A Respectful Distance: To Better Conversation

On our arrival at Húsey for the filming of the preparation for the 2008 seal hunt, we were introduced to Silli, a young seal pup that had been found abandoned on the seashore. The farmer, Örn Þorleifsson told us that abandoned pups in the wild are subject to a cruel fate; skuas and gulls will attack, typically unravelling and pecking their umbilical cord and plucking out their eyes. The care these pups need to survive without their mothers is substantial, as they must be fed every four hours with a specially made mixture to match the mother’s milk. The feeding was done either by Örn or his wife. The procedure was that approximately 20 cm of soft plastic tube attached to a plastic bottle was pushed down Silli’s throat and the milk mixture pumped into his stomach. Afterwards he would be patted and cuddled to help him burp. During the day Silli would be around the place, often in close proximity to humans, but in the evening he would be lifted into the back of an old Land Rover where he had a bed made out of newspapers. At the time of our visit, Silli was approximately five weeks old and it was expected he would stay at the farm until 12–15 weeks old, or until mid-to-late August, when he would be taken to the seashore close to where he was found and allowed to go free. In the interim between our visit and him being released, there would still be a lot of care involved in looking after him. There is a transitional process necessary to take him from fluids to solid food (herring and/or capelin) and involving his learning to catch fish by himself. All these tasks were overseen by Örn, who even puts on his waders to accompany the seal when he is first introduced to swimming in the local pond. Silli happened to be male, and once free, should he survive the winter, would be likely to come back to this area year after year. Had the pup been female, she would return to give birth to pups that might well be caught in the nets laid by the farmer at Húsey the following year.
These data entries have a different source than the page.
(* basis index (i, j, k) stands for x^i g^j y^k *)
Definition Bbasis : Type := (int * 'I_n * 'I_n)%type.

Definition ordm (m : nat) : 'I_n := Ordinal (ltn_pmod m hn).

(* normal form of the word x^a g^b y^c (any a : int, b c : nat), using
   g^n = x^w and y^n = 1 - x^w (x central, y commutes with x):
   x^a g^b y^c = \sum_(t <= q) (-1)^t C(q,t) x^(a + w (b/n) + w t) g^(b%n) y^(c%n),
   where q = c / n. *)
Definition mono (a : int) (b c : nat) : seq (K * Bbasis) :=
  [seq ((-1) ^+ t * ('C(c %/ n, t))%:R,
        (a + (w * (b %/ n))%:Z + (w * t)%:Z, ordm b, ordm c))
  | t <- iota 0 (c %/ n).+1].

(* product of basis vectors, using y g = gamma g y:
   (x^i g^j y^k)(x^i' g^j' y^k') = gamma^(k j') x^(i+i') g^(j+j') y^(k+k') *)
Definition mulB (b b' : Bbasis) : seq (K * Bbasis) :=
  let: (i, j, k) := b in let: (i', j', k') := b' in
  fscale (gamma ^+ (k * j')) (mono (i + i') (j + j') (k + k')).

Definition mulH := fmul mulB.
Definition bas (b : Bbasis) : seq (K * Bbasis) := [:: (1, b)].
Definition oneH := mono 0 0 0.
Definition xpowH (i : int) := mono i 0 0.
Definition gH := mono 0 1 0.
Definition yH := mono 0 0 1.
Definition expH (s : seq (K * Bbasis)) (m : nat) := fexp mulB oneH s m.

Definition mulBB (p q : Bbasis * Bbasis) : seq (K * (Bbasis * Bbasis)) :=
  ftens (mulB p.1 q.1) (mulB p.2 q.2).
Definition oneHH := ftens oneH oneH.
Definition expHH (s : seq (K * (Bbasis * Bbasis))) (m : nat) :=
  fexp mulBB oneHH s m.

Definition DeltaX (i : int) := ftens (xpowH i) (xpowH i).
Definition DeltaG := ftens gH gH.
Definition DeltaY := ftens yH gH ++ ftens oneH yH.

Definition DeltaB (b : Bbasis) : seq (K * (Bbasis * Bbasis)) :=
  let: (i, j, k) := b in
  fmul mulBB (fmul mulBB (DeltaX i) (expHH DeltaG j)) (expHH DeltaY k).

(* (Delta (x) id) Delta, i.e. h_(1) (x) h_(2) (x) h_(3) *)
Definition Delta2B (b : Bbasis) : seq (K * (Bbasis * Bbasis * Bbasis)) :=
  flatten [seq [seq (p.1 * q.1, (q.2.1, q.2.2, p.2.2)) | q <- DeltaB p.2.1]
          | p <- DeltaB b].

Definition epsB (b : Bbasis) : K := if (val b.2 == 0)%N then 1 else 0.

(* antipode: S(x) = x^-1, S(g) = g^-1 = x^-w g^(n-1), S(y) = - y g^-1;
   S(x^i g^j y^k) = S(y)^k S(g)^j S(x)^i *)
Definition SgH := mono (- (w%:Z)) n.-1 0.
Definition SyH := fscale (-1) (mulH yH SgH).
Definition SB (b : Bbasis) : seq (K * Bbasis) :=
  let: (i, j, k) := b in
  mulH (mulH (expH SyH k) (expH SgH j)) (xpowH (- i)).

(* Left-left Yetter-Drinfeld modules over H.                                 *)
(* The action is given by the (linear) action  rho b  of each basis vector;  *)
(* the coaction by its components: delta(v) = \sum_b b (x) delta b v, where  *)
(* for each v only finitely many  delta b v  are nonzero.                    *)

Definition fin_supp (V : lmodType K) (d : Bbasis -> V -> V) (v : V)
    (s : seq Bbasis) : Prop :=
  uniq s /\ forall b, b \notin s -> d b v = 0.

Record YDmod (V : lmodType K) := {
  rho : Bbasis -> V -> V;
  delta : Bbasis -> V -> V;
  rho_lin : forall b, linear (rho b);
  delta_lin : forall b, linear (delta b);
  rho_one : forall v, rho (0, ordm 0, ordm 0) v = v;
  rho_mul : forall b b' v,
    rho b (rho b' v) = \sum_(p <- mulB b b') p.1 *: rho p.2 v;
  delta_fin : forall v, exists s, fin_supp delta v s;
  delta_coass : forall v s, fin_supp delta v s -> forall c d,
    delta d (delta c v) = \sum_(b <- s) coef (DeltaB b) (c, d) *: delta b v;
  delta_counit : forall v s, fin_supp delta v s ->
    \sum_(b <- s) epsB b *: delta b v = v;
  (* Yetter-Drinfeld compatibility, for h = a a basis vector:
     delta(a.v) = a_(1) v_(-1) S(a_(3)) (x) a_(2).v_(0) *)
  yd_compat : forall a v s, fin_supp delta v s -> forall c,
    delta c (rho a v) =
    \sum_(t <- Delta2B a) \sum_(b <- s)
       (t.1 * coef (mulH (mulH (bas t.2.1.1) (bas b)) (SB t.2.2)) c)
         *: rho t.2.1.2 (delta b v)
}.

Definition YDsubmodule (V : lmodType K) (M : YDmod V) (W : V -> Prop) : Prop :=
  [/\ W 0, (forall u v, W u -> W v -> W (u + v)),
      (forall (a : K) u, W u -> W (a *: u)),
      (forall b u, W u -> W (rho M b u)) &
      (forall b u, W u -> W (delta M b u))].

Definition YDsimple (V : lmodType K) (M : YDmod V) : Prop :=
  forall W : V -> Prop, YDsubmodule M W ->
    ~ ((exists u, W u /\ u <> 0) /\ (exists v, ~ W v)).

End HopfB.

Definition finite_dim (K : fieldType) (V : lmodType K) : Prop :=
  exists s : seq V, forall v : V,
    exists c : 'I_(size s) -> K, v = \sum_(i < size s) c i *: s`_i.

From HB Require Import structures.
From mathcomp Require Import all_boot all_order all_algebra.
From Stdlib Require Import Classical.
Import GRing.Theory.
Local Open Scope ring_scope.

Set Implicit Arguments. Unset Strict Implicit. Unset Printing Implicit Defensive.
 Having been made aware of the curiosity of seals and their apparent preference for bright colors, aperformative video work developed which we titled Three Attempts (2009). This work became a crucial component of our (Snæbjörnsdóttir/Wilson) installation between you and me. The work shows Bryndís kneeling down at the seashore overlooking an estuary with her back to the camera. Our preliminary research had revealed that it was common for hunters to imitate seal sounds when trying to entice the seal pups away from the cow, suggesting that seals were sensitive to certain types of sound or sound frequencies at least. In the initial video performance, a variety of vocal sounds was used, from singing to the imitation of mobile phone ringtones. Initial attempts prompted little in the way of ‘reciprocation’ on the part of the seals and nothing very much altered at all in their behaviour. The technical reasons why the work came to be remade are not in themselves important for this text, but rather the fact that they necessitated another visit, which resulted in giving us more than the remake we planned, to the extent that it became a completely new work. We are very much aware of the difficulties in attempting to remake works and it is something we generally try to avoid. Nevertheless the location was the same, as was the time of year – the same clothing was worn and we even began at the same time of day. Even the weather was similar. The only thing that seemed beyond our control that day was the behaviour of the non-human animals in the water – and sure enough, their response confounded our expectations. From the moment we arrived on the shore to set up the equipment, the seals made an appearance, popping up from the water, looking, playing, diving and reappearing. The ‘control’ had shifted from us to them – it was their game now.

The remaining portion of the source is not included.